Phineas: Alright crew, prepare to set sail on the hunt of a lifetime!
Candace: [mockingly] Oh Candace, go find us some food. Yeah, like a quart of ice cream is just gonna...
[is hit with soft-server]
Candace: We don't need to eat, we need to get out of here. I swear if I don't get to Jeremy's party...
[is promptly kissed by a monkey]
Isabella: [seeing the mountain erupt] Volcano? We need to move now!
Candace: [stalking back to the beach] Wait until mom and dad find out.
Phineas: [running past her with Isabella] Run Candace! Pink lava behind you!
Isabella: [walking through the jungle] Shelter... shelter... well, this spot has potential.
[pans back to see lots of palm trees]
Phineas: Great! Let's get started.
Phineas: [after Candace is dropped into the tree-house by monkeys] So what do you think of our shelter?
Candace: [shouting] Can't you just be normal for one day?
Phineas: [from the tree-house] So Candace, you want a banana smoothie?
Candace: I got you guys this time! There's no way you can dismantle your stupid tropical dream house before I drag Mom back here to bust you!
[stalking off through the jungle]
Phineas: So, no smoothie than?
Dad: Candace, why don't you look for some food?
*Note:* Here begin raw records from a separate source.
(* Let $q$ be a power of a prime $p\ge 5$ and let $a\in\mathbb F_q$ be such that $f=X^6+X^5+a\in\mathbb F_q[X]$ is irreducible. If $\prod_{m\in\{2,3,6\}}\theta_{6,m}(1,0,0,0,0,a)\ne 0$ (evaluated in $\mathbb F_q$), then $f$ is normal over $\mathbb F_q$.
   Context: A monic irreducible polynomial of degree $n$ over $\mathbb F_q$ is called normal if its roots are linearly independent over $\mathbb F_q$. Let $\epsilon_m=e^{2\pi\sqrt{-1}/m}$ and $\Psi_m(X_0,\dots,X_{m-1})=\prod_{i\in(\mathbb Z/m\mathbb Z)^\times}\bigl(\sum_{j\in\mathbb Z/m\mathbb Z}\epsilon_m^{ij}X_j\bigr)\in\mathbb Z[X_0,\dots,X_{m-1}]$. For $m\mid n$ put $Y_{n,i}=\sum_{j=0}^{n/m-1}X_{i+mj}$ for $0\le i\le m-1$. Let the symmetric group $S_n$ act on $\mathbb Z[X_0,\dots,X_{n-1}]$ by permuting the indeterminates, and define $\Theta_{n,m}=\prod_\phi\phi\bigl(\Psi_m(Y_{n,0},\dots,Y_{n,m-1})\bigr)$, where $\phi$ runs over a left transversal of the stabilizer of $\Psi_m(Y_{n,0},\dots,Y_{n,m-1})$ in $S_n$; this is a symmetric polynomial in $\mathbb Z[X_0,\dots,X_{n-1}]$. Let $\theta_{n,m}\in\mathbb Z[s_1,\dots,s_n]$ be its symmetric reduction, i.e. the unique polynomial with $\Theta_{n,m}(X_0,\dots,X_{n-1})=\theta_{n,m}(s_1,\dots,s_n)$, where $s_i$ is the $i$-th elementary symmetric polynomial in $X_0,\dots,X_{n-1}$. Evaluation of $\theta_{n,m}$ at elements of $\mathbb F_q$ is done after reducing its integer coefficients modulo $p$. Here $n=6$. *)

From HB Require Import structures.
From mathcomp Require Import all_boot all_order all_algebra all_fingroup all_field.
From mathcomp Require Import mpoly.
Set Implicit Arguments. Unset Strict Implicit. Unset Printing Implicit Defensive.
Import GRing.Theory.
Local Open Scope ring_scope.

(* A fixed primitive m-th root of unity in algC (m > 0).  Psi_m does not
   depend on which primitive root is chosen. *)
Definition eps (m : nat) : algC :=
  if m is k.+1 then sval (C_prim_root_exists (ltn0Sn k)) else 1.

Definition Psi (m : nat) : {mpoly algC[m]} :=
  \prod_(i < m | coprime i m) \sum_(j < m) (eps m ^+ (i * j)) *: 'X_j.

Definition Yv (n m i : nat) : {mpoly algC[n]} :=
  \sum_(j < n %/ m)
     (if (insub (i + m * j)%N : option 'I_n) is Some k then 'X_k else 0).

Definition PsiY (n m : nat) : {mpoly algC[n]} :=
  Psi m \mPo [tuple Yv n m i | i < m].

(* Theta_{n,m}: product of the distinct images of PsiY under S_n,
   i.e. product of phi(PsiY) over a left transversal of its stabilizer. *)
Definition Theta (n m : nat) : {mpoly algC[n]} :=
  \prod_(Q <- undup [seq msym s (PsiY n m) | s : 'S_n]) Q.

(* t is the symmetric reduction theta_{n,m} of Theta_{n,m}: an integer
   polynomial with t(s_1,...,s_n) = Theta_{n,m}. *)
Definition is_theta (n m : nat) (t : {mpoly int[n]}) : Prop :=
  map_mpoly (fun z : int => z%:~R : algC) t \mPo [tuple mesym n algC i.+1 | i < n]
  = Theta n m.
Arguments is_theta : clear implicits.

Definition evalZ (F : nzRingType) (n : nat) (t : {mpoly int[n]}) (v : 'I_n -> F) : F :=
  (map_mpoly (fun z : int => z%:~R : F) t).@[v].

Definition normal_poly (F : fieldType) (f : {poly F}) : Prop :=
  [/\ f \is monic, irreducible_poly f &
   forall (L : fieldExtType F) (rs : seq L),
     map_poly (in_alg L) f = \prod_(x <- rs) ('X - x%:P) -> free rs].

From HB Require Import structures.
From mathcomp Require Import all_boot all_order all_algebra all_fingroup all_field.
From mathcomp Require Import mpoly.
From mathcomp Require Import ring.
Set Implicit Arguments.
Unset Strict Implicit.
Unset Printing Implicit Defensive.
Import GRing.Theory.
Local Open Scope ring_scope.

(* Let x be a root of f in an extension L of F = F_q and put y_k = x^(q^k).  As f is
   irreducible of degree 6, y_0, ..., y_5 are its six distinct roots and y_6 = y_0.
   Applying Frobenius to a relation sum_i c_i y_i = 0 with c_i in F gives the circulant
   system sum_i c_i y_(i+s) = 0, whose determinant is the product of the sums
   sum_i w^i y_i over the sixth roots of unity w: these are sum_i y_i = -1 and the values
   of Psi_m(Y_(6,0), ..., Y_(6,m-1)) at the y_i for m = 2, 3, 6.  The -y_i are the roots
   of f(-X) = X^6 - X^5 + a, whose elementary symmetric functions are (1,0,0,0,0,a); so
   theta_(6,m)(1,0,0,0,0,a) is the product of the conjugates of Psi_m(Y) at the -y_i,
   Psi_m(Y) itself among them, and its non-vanishing makes the circulant system
   nondegenerate (2 != 0 is used to split it into two 3 x 3 circulants). *)

Definition frobq (F : finFieldType) (L : fieldExtType F) (k : nat) (y : L) : L :=
  y ^+ (#|F| ^ k)%N.
Arguments frobq {F L} k y.

Section FrobeniusPower.
Variables (F : finFieldType) (L : fieldExtType F).
Local Notation q := #|F|.

Lemma pnat_card_pchar k : [pchar L].-nat (q ^ k)%N.
Proof.
have [p p_pr pF] := finPcharP F.
rewrite (eq_pnat _ (pcharf_eq (p := p) _)); last by rewrite pchar_lalg.
by rewrite (card_pprimeChar pF) -expnM pnatX pnat_id.
Qed.

Fact frobq_is_nmod_morphism k : nmod_morphism (@frobq F L k).
Proof.
split=> [|y z]; last exact: exprDn_pchar (pnat_card_pchar k).
by rewrite /frobq expr0n expn_eq0 (gtn_eqF (ltnW (finNzRing_gt1 F))).
Qed.

Fact frobq_is_monoid_morphism k : monoid_morphism (@frobq F L k).
Proof. by split=> [|y z]; rewrite /frobq ?expr1n ?exprMn. Qed.

End FrobeniusPower.

HB.instance Definition _ (F : finFieldType) (L : fieldExtType F) k :=
  GRing.isNmodMorphism.Build L L (frobq k) (@frobq_is_nmod_morphism F L k).
HB.instance Definition _ (F : finFieldType) (L : fieldExtType F) k :=
  GRing.isMonoidMorphism.Build L L (frobq k) (@frobq_is_monoid_morphism F L k).

Section FrobeniusOrbit.
Variables (F : finFieldType) (L : fieldExtType F).

Lemma frobq_alg k a : frobq k (a%:A : L) = a%:A.
Proof.
rewrite /frobq -in_algE -rmorphXn; congr (in_alg L _).
by elim: k => [|k IHk]; rewrite ?expr1 // expnSr exprM IHk expf_card.
Qed.

Lemma frobqZ k a (y : L) : frobq k (a *: y) = a *: frobq k y.
Proof. by rewrite -[a *: y]mulr_algl -[a *: frobq k y]mulr_algl rmorphM /= frobq_alg. Qed.

Lemma frobqD j k (y : L) : frobq j (frobq k y) = frobq (k + j) y.
Proof. by rewrite /frobq -exprM expnD. Qed.

Local Notation "p ^%:A" := (map_poly (in_alg L) p) (format "p ^%:A").

Lemma map_poly_frobq k (g : {poly F}) : map_poly (frobq k) g^%:A = g^%:A.
Proof. by rewrite -map_poly_comp; apply: eq_map_poly => a /=; rewrite frobq_alg. Qed.

Lemma root_frobq k (g : {poly F}) y : root g^%:A y -> root g^%:A (frobq k y).
Proof. by move=> /rootP gy0; rewrite rootE -(map_poly_frobq k) horner_map gy0 rmorph0. Qed.

Variables (n : nat) (f : {poly F}) (x : L).
Hypotheses (size_f : size f = n.+1) (f_irr : irreducible_poly f) (fx0 : root f^%:A x).

Lemma small_root_eq0 (g : {poly F}) : (size g < size f)%N -> root g^%:A x -> g = 0.
Proof.
move=> lt_gf gx0; apply/eqP; apply: contraTT gx0 => g_nz.
have f_g : coprimep f g.
  apply: contraT => /(f_irr.2 _) /(_ (dvdp_gcdl f g)) gcd_f.
  have /(dvdp_leq g_nz) : f %| g by rewrite -(eqp_dvdl _ gcd_f) dvdp_gcdr.
  by rewrite leqNgt lt_gf.
by rewrite /root (coprimep_root _ fx0) // coprimep_map.
Qed.

(* Otherwise the q^n values g(x), size g <= n, would all be roots of X^(q^d) - X. *)
Lemma frobq_fixed_lt d : (0 < d < n)%N -> frobq d x != x.
Proof.
case/andP=> d_gt0 lt_dn; apply/eqP => xd.
pose ev (g : {poly_n F}) := (val g)^%:A.[x].
have ev_inj : injective ev.
  move=> g h ev_gh; apply/val_inj/eqP; rewrite -subr_eq0; apply/eqP.
  apply: small_root_eq0; first by rewrite size_f ltnS (size_npoly (g - h)).
  by rewrite /root rmorphB hornerD hornerN -/(ev g) -/(ev h) ev_gh subrr.
pose Q := (#|F| ^ d)%N.
have q_gt1 := finNzRing_gt1 F.
have size_XQ : size ('X^Q - 'X : {poly L}) = Q.+1.
  have Q_gt1 : (1 < Q)%N by rewrite -[1%N](expn0 #|F|) ltn_exp2l.
  by rewrite size_polyDl ?size_polyXn // size_polyN size_polyX.
have XQ_nz : ('X^Q - 'X : {poly L}) != 0 by rewrite -size_poly_eq0 size_XQ.
have ev_fixed : all (root ('X^Q - 'X)) [seq ev g | g <- enum {poly_n F}].
  apply/allP => _ /mapP[g _ ->]; rewrite rootE !hornerE subr_eq0; apply/eqP.
  by rewrite -[_ ^+ Q]/(frobq d (ev g)) /ev -horner_map map_poly_frobq /= xd.
have ev_uniq : uniq [seq ev g | g <- enum {poly_n F}] by rewrite map_inj_uniq ?enum_uniq.
have := max_poly_roots XQ_nz ev_fixed ev_uniq.
by rewrite size_map -cardE card_npoly size_XQ ltnS leqNgt ltn_exp2l // lt_dn.
Qed.

Lemma frobq_subn_fixed i j (y : L) :
  (i <= j)%N -> frobq i y = frobq j y -> frobq (j - i) y = y.
Proof. by move=> le_ij; rewrite -(subnK le_ij) -frobqD addnK => /fmorph_inj. Qed.

Lemma frobq_inj_lt i j : (i < n)%N -> (j < n)%N -> frobq i x = frobq j x -> i = j.
Proof.
wlog le_ij : i j / (i <= j)%N => [hw lt_in lt_jn eq_ij | _ lt_jn].
  by case/orP: (leq_total i j) => /hw; [apply | move=> h; rewrite h].
move/(frobq_subn_fixed le_ij)/eqP; apply: contraTeq => ne_ij.
rewrite frobq_fixed_lt // subn_gt0 ltn_neqAle ne_ij le_ij.
by rewrite (leq_ltn_trans (leq_subr _ _)).
Qed.

Lemma frobq_period : frobq n x = x.
Proof.
have fL_nz : f^%:A != 0 by rewrite -size_poly_eq0 size_map_poly size_f.
have : ~~ uniq [seq frobq i x | i <- iota 0 n.+1].
  apply: contraTN isT => orbit_uniq.
  have := max_poly_roots fL_nz _ orbit_uniq.
  rewrite size_map_poly size_f size_map size_iota ltnn; apply.
  by apply/allP => _ /mapP[i _ ->]; apply: root_frobq.
case/(uniqPn x) => i [j []]; rewrite size_map size_iota ltnS => lt_ij le_jn.
rewrite !(nth_map 0%N) ?nth_iota ?size_iota ?(ltn_trans lt_ij) // !add0n.
move/(frobq_subn_fixed (ltnW lt_ij)) => fixed.
have [lt_n | ge_n] := ltnP (j - i) n.
  by move: (@frobq_fixed_lt (j - i)); rewrite fixed eqxx subn_gt0 lt_ij lt_n => /(_ isT).
suff <- : (j - i)%N = n by [].
by apply/eqP; rewrite eqn_leq ge_n (leq_trans (leq_subr i j)).
Qed.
And boys, you can find us some shelter if you'd like. We may be here for a while.
Candace: A while? You mean we're stranded? That means I won't get to Jeremy's party before the sun sets! We'll be stuck here forever, eating rocks and bugs, then I'll have to marry a monkey and have monkey kids and name them Xavier and Amanda!
Dad: And we'll love them anyway. Candace, the sooner we get started, the sooner we all get to go home.
Dad: When we're at sea, there's no right or left, only port and starboard.
Isabella: So which side has the restroom?
Dad: It's not a restroom, it's...
Phineas: It's called the poop deck.
Dad: Well, no, actually it's called the head.
Phineas: Really? 'Cause poop deck makes much more sense.